Streamfwd.conf parameters
streamfwd.conf configuration file accepts these parameters.
| Parameter | Description | Value type | Default value |
|---|---|---|---|
clientIpSslHashBytes
|
Defines the number of client IP octets to use for SSL processor thread hash algorithm. The minimum value = 0; The maximum value = 4. Applies only if you have _disabled_ useGlobalSSLSessionKeyCache | client IP octets | 2 |
dedicatedCaptureMode
|
Enables dedicated capture mode, which provides support for 10Gbps capture on compatible network interfaces.
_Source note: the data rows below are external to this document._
(* Since [G - v] is connected, [Y] is constant off [v]. *)
Lemma edge_cut_sub_star v (Y : {set V}) :
  edge_cut G Y \subset star G v -> edge_cut G Y != set0 -> edge_cut G Y = star G v.
Proof.
move=> hsub /set0Pn[k0 hk0].
have [o hk0o] := star_links (subsetP hsub _ hk0).
have hvo : (v \in Y) != (o \in Y) by rewrite -(links_edge_cut _ hk0o).
have closedY : closed (adj_minus G [set v]) (mem Y).
  move=> x y /adj_minus_links[hx hy [k hk]]; rewrite !inE in hx hy.
  have : k \notin star G v by rewrite (links_star _ hk) negb_or ![v == _]eq_sym hx hy.
  by move/(contra (subsetP hsub k)); rewrite (links_edge_cut _ hk) negbK => /eqP.
have hconst x : v != x -> (x \in Y) = (o \in Y).
  move=> nvx; apply: (closed_connect closedY); apply: G3; rewrite ?cards1 ?inE ?(eq_sym x) //.
  by rewrite eq_sym (links_neq hk0o).
apply/setP => k; have := edge_links G k; move: (edge G k).1 (edge G k).2 => a b hk.
rewrite (links_edge_cut _ hk) (links_star _ hk); have nab := links_neq hk.
have [eva|nva] := eqVneq v a; first by rewrite -eva (hconst b) ?hvo // eva.
have [evb|nvb] := eqVneq v b; first by rewrite -evb orbT (hconst a nva) eq_sym hvo.
by rewrite (hconst a nva) (hconst b nvb) eqxx.
Qed.

(* Follow a path of [G - v] from an edge of one colour to an edge of the other. *)
Lemma two_colours_meet v (c : pred 'I_m) kA kB :
  kA \notin star G v -> kB \notin star G v -> c kA -> ~~ c kB ->
  exists u kA' kB', [/\ kA' \in star G u, kA' \notin star G v & c kA'] /\
                    [/\ kB' \in star G u, kB' \notin star G v & ~~ c kB'].
Proof.
move=> kAv kBv ckA ckB.
pose touches (b : bool) x := [exists k, [&& k \notin star G v, c k == b & k \in star G x]].
suff [u /andP[/existsP[kA' /and3P[? /eqP ? ?]] /existsP[kB' /and3P[? /eqP ckB' ?]]]] :
    exists u, touches true u && touches false u.
  by exists u, kA', kB'; split; split=> //; rewrite ckB'.
have hc : connected_minus G [set v] by apply: G3; rewrite cards1.
have hA := edge_links G kA; have hB := edge_links G kB.
have /connectP[p hp hlast] : connect (adj_minus G [set v]) (edge G kA).1 (edge G kB).1.
  apply: hc; rewrite inE.
  - by apply: (contraNneq _ kAv) => <-; rewrite (links_star _ hA) eqxx.
  - by apply: (contraNneq _ kBv) => <-; rewrite (links_star _ hB) eqxx.
apply: (path_meet hp).
- by apply/existsP; exists kA; rewrite kAv ckA (links_star _ hA) !eqxx.
- by rewrite -hlast; apply/existsP; exists kB; rewrite kBv (negbTE ckB) (links_star _ hB) !eqxx.
move=> x y /adj_minus_links[hx hy [k hk]]; rewrite !inE in hx hy.
have kv : k \notin star G v by rewrite (links_star _ hk) negb_or ![v == _]eq_sym hx hy.
have [hxk hyk] : k \in star G x /\ k \in star G y by rewrite !(links_star _ hk) !eqxx orbT.
have touch z : k \in star G z -> touches (c k) z.
  by move=> hzk; apply/existsP; exists k; rewrite kv eqxx hzk.
by case: (c k) (touch x hxk) (touch y hyk) => -> ->; rewrite ?orbT.
Qed.

End ThreeConnected.

Section StarMatching.
Variables (VG VH : finType) (m : nat) (G : ordgraph VG m) (H : ordgraph VH m).
Hypotheses (G3 : three_connected G) (VG3 : 3 <= #|VG|).
Hypotheses (cutsGH : cuts_sub G H) (cutsHG : cuts_sub H G).

(* An endpoint [w] in [X] of an edge at [v] has its star inside [star G v], and that
   star is a nonempty cut of [G]. *)
Lemma star_cut_star v (X : {set VH}) : star G v = edge_cut H X ->
  (forall k, k \notin star G v -> (edge H k).1 \notin X) ->
  exists w, star H w = star G v.
Proof.
move=> hX hout; have [k0 hk0] := star_nonempty G3 VG3 v.
have [w [hwX hk0w]] : exists w, w \in X /\ k0 \in star H w.
  have hk := edge_links H k0; move: hk0; rewrite hX (links_edge_cut _ hk).
  have [x1X _|_ /= /negPn x2X] := boolP ((edge H k0).1 \in X).
  - by exists (edge H k0).1; rewrite (links_star _ hk) eqxx.
  - by exists (edge H k0).2; rewrite (links_star _ hk) eqxx orbT.
exists w; have [Y hY] := cutsHG [set w]; rewrite star_edge_cut hY.
apply: edge_cut_sub_star => //; last by apply/set0Pn; exists k0; rewrite -hY -star_edge_cut.
apply/subsetP => k; rewrite -hY -star_edge_cut => /star_links[y hk].
apply: contraT => kv; have := hout _ kv; move: kv; rewrite hX (links_edge_cut _ hk) negbK.
by case/orP: hk => /eqP -> /= /eqP eqwy; rewrite -?eqwy hwX.
Qed.

(* If edges of [G - v] had [H]-endpoints on both sides of [X], some vertex [u]
   would meet both kinds; with [star G u = edge_cut H Z], the cut of [H] at
   [Z :&: X] is a cut of [G] that splits the connected graph [G - {u, v}]. *)
Lemma star_cut_one_sided v (X : {set VH}) kA kB : star G v = edge_cut H X ->
  kA \notin star G v -> kB \notin star G v ->
  (edge H kA).1 \in X -> (edge H kB).1 \notin X -> False.
Proof.
move=> hX kAv kBv kAX kBX.
have [u [kA' [kB' [[kAu kAv' kAX'] [kBu kBv' kBX']]]]] :=
  two_colours_meet G3 (c := fun k => (edge H k).1 \in X) kAv kBv kAX kBX.
have [Z hZ] := cutsGH [set u]; rewrite -star_edge_cut in hZ.
have [Y hY] := cutsHG (Z :&: X).
have cutY k : k \notin star G v ->
    (k \in edge_cut G Y) = ((edge H k).1 \in X) && (k \in star G u).
  by move=> kv; rewrite -hY edge_cutI_uncut -?hX ?hZ.
have [a hka] := star_links kAu.
have [b hkb] := star_links kBu.
have off_uv z k : links G k u z -> k \notin star G v -> z \notin [set u; v].
  move=> hk kv; rewrite !inE negb_or eq_sym (links_neq hk) /=.
  by apply: contraNneq kv => <-; rewrite (links_star _ hk) eqxx orbT.
have closedY : closed (adj_minus G [set u; v]) (mem Y).
  move=> x y /adj_minus_links[+ + [k hk]]; rewrite !inE !negb_or => /andP[xu xv] /andP[yu yv].
  have [kv ku] : k \notin star G v /\ k \notin star G u.
    by rewrite !(links_star _ hk) !negb_or !(eq_sym v) !(eq_sym u) xu xv yu yv.
  by apply/eqP/negbFE; rewrite -(links_edge_cut _ hk) cutY // (negbTE ku) andbF.
have hab : (a \in Y) = (b \in Y).
  apply: (closed_connect closedY); apply: G3; first by rewrite cards2; case: (_ != _).
  - exact: off_uv hka kAv'.
  - exact: off_uv hkb kBv'.
have := cutY _ kAv'; rewrite (links_edge_cut _ hka) kAX' kAu.
have := cutY _ kBv'; rewrite (links_edge_cut _ hkb) (negbTE kBX') hab.
by move=> /negbFE/eqP ->; rewrite eqxx.
Qed.

Lemma exists_star_eq v : exists w, star H w = star G v.
Proof.
have [X hX] := cutsGH [set v]; rewrite -star_edge_cut in hX.
have [kA /andP[kAv kAX] | noA] :=
  pickP [pred k | (k \notin star G v) && ((edge H k).1 \in X)]; last first.
  by apply: (star_cut_star hX) => k kv; move: (noA k); rewrite /= kv => /negbT.
have [kB /andP[kBv kBX] | noB] :=
  pickP [pred k | (k \notin star G v) && ((edge H k).1 \notin X)]; last first.
  apply: (@star_cut_star _ (~: X)); first by rewrite edge_cutC.
  by move=> k kv; move: (noB k); rewrite /= kv inE => /negbT.
by case: (star_cut_one_sided hX kAv kBv kAX kBX).
Qed.

End StarMatching.

Section StarMap.
Variables (VG VH : finType) (m : nat) (G : ordgraph VG m) (H : ordgraph VH m).
Hypotheses (G3 : three_connected G) (VG3 : 3 <= #|VG|).
Variable sigma : VG -> VH.
Hypothesis star_sigma : forall v, star H (sigma v) = star G v.

Lemma star_map_inj : injective sigma.
Proof.
move=> a b eab; apply/eqP; apply: contraT => nab.
have [k /andP[] ] := private_edge G3 VG3 nab.
by rewrite -!star_sigma eab => ->.
Qed.

Lemma star_map_edge_set k :
  edge_set H k = [set sigma (edge G k).1; sigma (edge G k).2].
Proof.
have sigma_in z : k \in star G z -> sigma z \in edge_set H k by rewrite -star_sigma inE.
have hG := edge_links G k.
have [s1 s2] : sigma (edge G k).1 \in edge_set H k /\ sigma (edge G k).2 \in edge_set H k.
  by split; apply: sigma_in; rewrite (links_star _ hG) eqxx ?orbT.
have : sigma (edge G k).1 != sigma (edge G k).2.
  by rewrite (inj_eq star_map_inj) (edge_loopless G k).
move: s1 s2; rewrite (links_edge_set (edge_links H k)) !inE.
by do 2 case/orP=> /eqP ->; rewrite ?eqxx // setUC.
Qed.

Lemma star_map_bij : no_isolated H -> bijective sigma.
Proof.
move=> noiso; apply: inj_card_bij star_map_inj _.
rewrite -(card_codom star_map_inj) -cardsT subset_leq_card //.
apply/subsetP => w _; have [k] := noiso w; rewrite star_map_edge_set !inE.
by case/orP => /eqP ->; exact: codom_f.
Qed.

End StarMap.

Theorem mainTheorem5 (C : numClosedFieldType) (VG VH : finType) (m : nat)
  (G : ordgraph VG m) (H : ordgraph VH m) :
  (3 <= #|VG|)%N -> (3 <= #|VH|)%N ->
  three_connected G -> no_isolated H ->
  (forall x : 'I_m -> C, M1 G x <-> M1 H x) ->
  exists sigma : VG -> VH, bijective sigma /\
    forall k : 'I_m,
      edge_set H k = [set sigma (edge G k).1; sigma (edge G k).2].
Proof.
move=> VG3 _ G3 noiso eqM.
have cutsGH : cuts_sub G H by apply: (@M1_cuts_sub C) => x /eqM.
have cutsHG : cuts_sub H G by apply: (@M1_cuts_sub C) => x /(iffRL (eqM x)).
have [sigma star_sigma] : exists sigma : VG -> VH, forall v, star H (sigma v) = star G v.
  exact: fin_all_exists (exists_star_eq G3 VG3 cutsGH cutsHG).
exists sigma; split.
  exact (star_map_bij G3 VG3 star_sigma noiso).
exact (star_map_edge_set G3 VG3 star_sigma).
Qed.
(* Let $m\ge1$, let $(t_{i,j})$ be positive reals with $t_{i+m,j-m}=t_{i,j}$ and $t_{i+2,j+2}=t_{i,j}$, and let $T_{i,j,k}$ be the solution of the $T$-system with initial data $T_{i,j,(i+j+1\bmod2)}=t_{i,j}$. For $k\ge1$, $i+j+k\equiv0\pmod2$, let $L_{i,j,k}=\frac{T_{i+1,j,k}T_{i-1,j,k}}{T_{i,j,k+1}T_{i,j,k-1}}$ and $R_{i,j,k}=\frac{T_{i,j+1,k}T_{i,j-1,k}}{T_{i,j,k+1}T_{i,j,k-1}}$. Then for all such $(i,j,k)$, $$L_{i+2,j+2,k}=L_{i,j,k},\quad L_{i+m,j-m,k}=L_{i,j,k},\quad L_{i+1,j+1,k+2}=L_{i,j,k},$$ and the same three identities hold for $R$.
   Context: The $T$-system is $T_{i,j,k+1}T_{i,j,k-1}=T_{i+1,j,k}T_{i-1,j,k}+T_{i,j+1,k}T_{i,j-1,k}$ for $k\ge1$, $i+j+k\equiv0\pmod2$, on points $(i,j,k)\in\mathbb{Z}^2\times\mathbb{Z}_{\ge0}$ with $i+j+k\equiv1\pmod2$. *)

From Stdlib Require Import Reals ZArith.
Open Scope R_scope.

(* T is a function on Z^3; only points (i,j,k) with k >= 0 and
   i+j+k odd are meaningful. *)

Definition initial_data (t : Z -> Z -> R) (T : Z -> Z -> Z -> R) : Prop :=
  forall i j : Z, T i j ((i + j + 1) mod 2)%Z = t i j.

Definition T_system (T : Z -> Z -> Z -> R) : Prop :=
  forall i j k : Z, (1 <= k)%Z -> ((i + j + k) mod 2 = 0)%Z ->
    T i j (k + 1)%Z * T i j (k - 1)%Z =
      T (i + 1)%Z j k * T (i - 1)%Z j k + T i (j + 1)%Z k * T i (j - 1)%Z k.

Definition Lratio (T : Z -> Z -> Z -> R) (i j k : Z) : R :=
  (T (i + 1)%Z j k * T (i - 1)%Z j k) / (T i j (k + 1)%Z * T i j (k - 1)%Z).

Definition Rratio (T : Z -> Z -> Z -> R) (i j k : Z) : R :=
  (T i (j + 1)%Z k * T i (j - 1)%Z k) / (T i j (k + 1)%Z * T i j (k - 1)%Z).

(* For a translation (a,b) of the (i,j)-plane with a+b even,
   the translated array still solves the T-system.  If t is (a,b)-periodic,
   the translated array also has the same initial data as T.  A positive
   solution is determined by two consecutive levels, so T itself is
   (a,b)-periodic, and hence so are L and R.  This covers the shifts (2,2)
   and (m,-m).

   Extend T to level -1 so that the T-system
   also holds at level 0, and study the diagonal growth ratio
   rho(i,j,k) = T(i+1,j+1,k+2) / T(i,j,k).
   At levels -1 and 0 it is an explicit expression in t; since t is
   (2,2)-periodic, that expression is invariant under (i,j) -> (i+1,j+1).  If
   rho(.,.,k) is invariant under this diagonal step, then the products of
   the horizontal and of the vertical neighbours of (i,j,k) grow by the same
   factor from level k to level k+2.  The T-system then forces the product
   of the two centre values to grow by that factor too.
   Two consequences follow: diagonal invariance propagates from levels
   k-1, k to level k+1, and L, R are invariant under (1,1,2). *)

From Stdlib Require Import Reals ZArith Lia Lra.
Open Scope R_scope.

Ltac parity := Z.to_euclidean_division_equations; lia.

Lemma Z_two_step_ind (P : Z -> Prop) (k0 : Z) :
  P k0 -> P (k0 + 1)%Z ->
  (forall k, (k0 <= k)%Z -> P k -> P (k + 1)%Z -> P (k + 2)%Z) ->
  forall k, (k0 <= k)%Z -> P k.
Proof.
  intros H0 H1 Hstep.
  assert (Hpair : forall n : nat,
             P (k0 + Z.of_nat n)%Z /\ P (k0 + Z.of_nat n + 1)%Z).
  { induction n as [|n [IHa IHb]].
    - rewrite Z.add_0_r. split; assumption.
    - rewrite Nat2Z.inj_succ, Z.add_succ_r. split; [exact IHb|].
      replace (Z.succ (k0 + Z.of_nat n) + 1)%Z
        with (k0 + Z.of_nat n + 2)%Z by ring.
      apply Hstep; [lia | exact IHa | exact IHb]. }
  intros k hk.
  replace k with (k0 + Z.of_nat (Z.to_nat (k - k0)))%Z by lia.
  apply Hpair.
Qed.

(* Solutions of the T-system from a given level on.  [T_system T] is
   literally [solves_from 1 T]. *)
Definition solves_from (k0 : Z) (U : Z -> Z -> Z -> R) : Prop :=
  forall i j k : Z, (k0 <= k)%Z -> ((i + j + k) mod 2 = 0)%Z ->
    U i j (k + 1)%Z * U i j (k - 1)%Z =
      U (i + 1)%Z j k * U (i - 1)%Z j k + U i (j + 1)%Z k * U i (j - 1)%Z k.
To enable dedicated capture mode, add dedicatedCaptureMode = 1 to streamfwd.conf
|
boolean | 0 (false) |
duplicatePacketWindow
|
Uses a rolling window to define the number of packets cached in memory. Set this to a value greater than zero to enable automatic de-duplication of network packets. | packets cached in-memory | 0 |
hideCreditCardNumbers
|
Masks credit card numbers. Set to false to show all credit card numbers.
|
boolean | true |
mapSslServers
|
Set to False to disable automatic caching of SSL server certificates to corresponding server's IP addresses. | boolean | true |
maxEventQueueSize
|
Specifies the maximum number of events queued for delivery to Splunk. | events | 10000 |
maxFieldSize
|
Defines maximum size of content field. | bytes | 10240 |
maxPacketQueueSize
|
Defines maximum size for each processing threads' packet queue. Must be a power of 2 for dedicated capture mode. | packets | 262144 |
maxTcpReassemblyPacketCount
|
Specifies the maximum number of TCP packets in reassembly queue per processing thread. | TCP packets | 500000 |
maxTcpSessionCount
|
Specifies the maximum number of concurrent TCP/UDP flows per processing thread. | TCP/UDP flows | 50000 |
pcapBufferSize
|
Specifies the buffer size for each network device. Increase the number of bytes if you see dropped packets. | bytes | 33554432 |
pingInterval
|
Modifies the ping server interval. | seconds | 5 |
processingThreads
|
Specifies the number of threads to use for processing network traffic. | threads | 2 |
sessionKeyTimeout
|
Specifies idle time before SSL session keys expire. | seconds | 3600 |
sslServer
|
Allows directly specify IP addresses/ports targeted for SSL decryption. | ||
streamfwdcapture
|
Restricts data capture to specified network interfaces | ||
tcpConnectionTimeout
|
Specifies idle time before TCP/UDP flows expire. | seconds | 180 |
tcpServer
|
Defines endpoints for TCP servers | ||
useGlobalSSLSessionKeyCache
|
Enables sharing of SSL cache across processing threads. Set to True to share the SSL cache. | boolean | false |
usePacketMemoryPool
|
When set to True, Stream forwarder uses a pool allocator to allot memory for storing network packets. Because the pool allocator does not release unused memory back to the operating system, setting this parameter to true may result in high memory usage. Set to True only when Stream forwarder is running on a dedicated capture server that processes large traffic volumes. | boolean | false |
Note: For a complete list of streamfwd.conf parameters, see streamfwd.conf.spec in $SPLUNK_HOME/etc/apps/Splunk_TA_stream/README.
Common use case examples
You can refer to these examples to help you use streamfwd.conf to configure some common use cases.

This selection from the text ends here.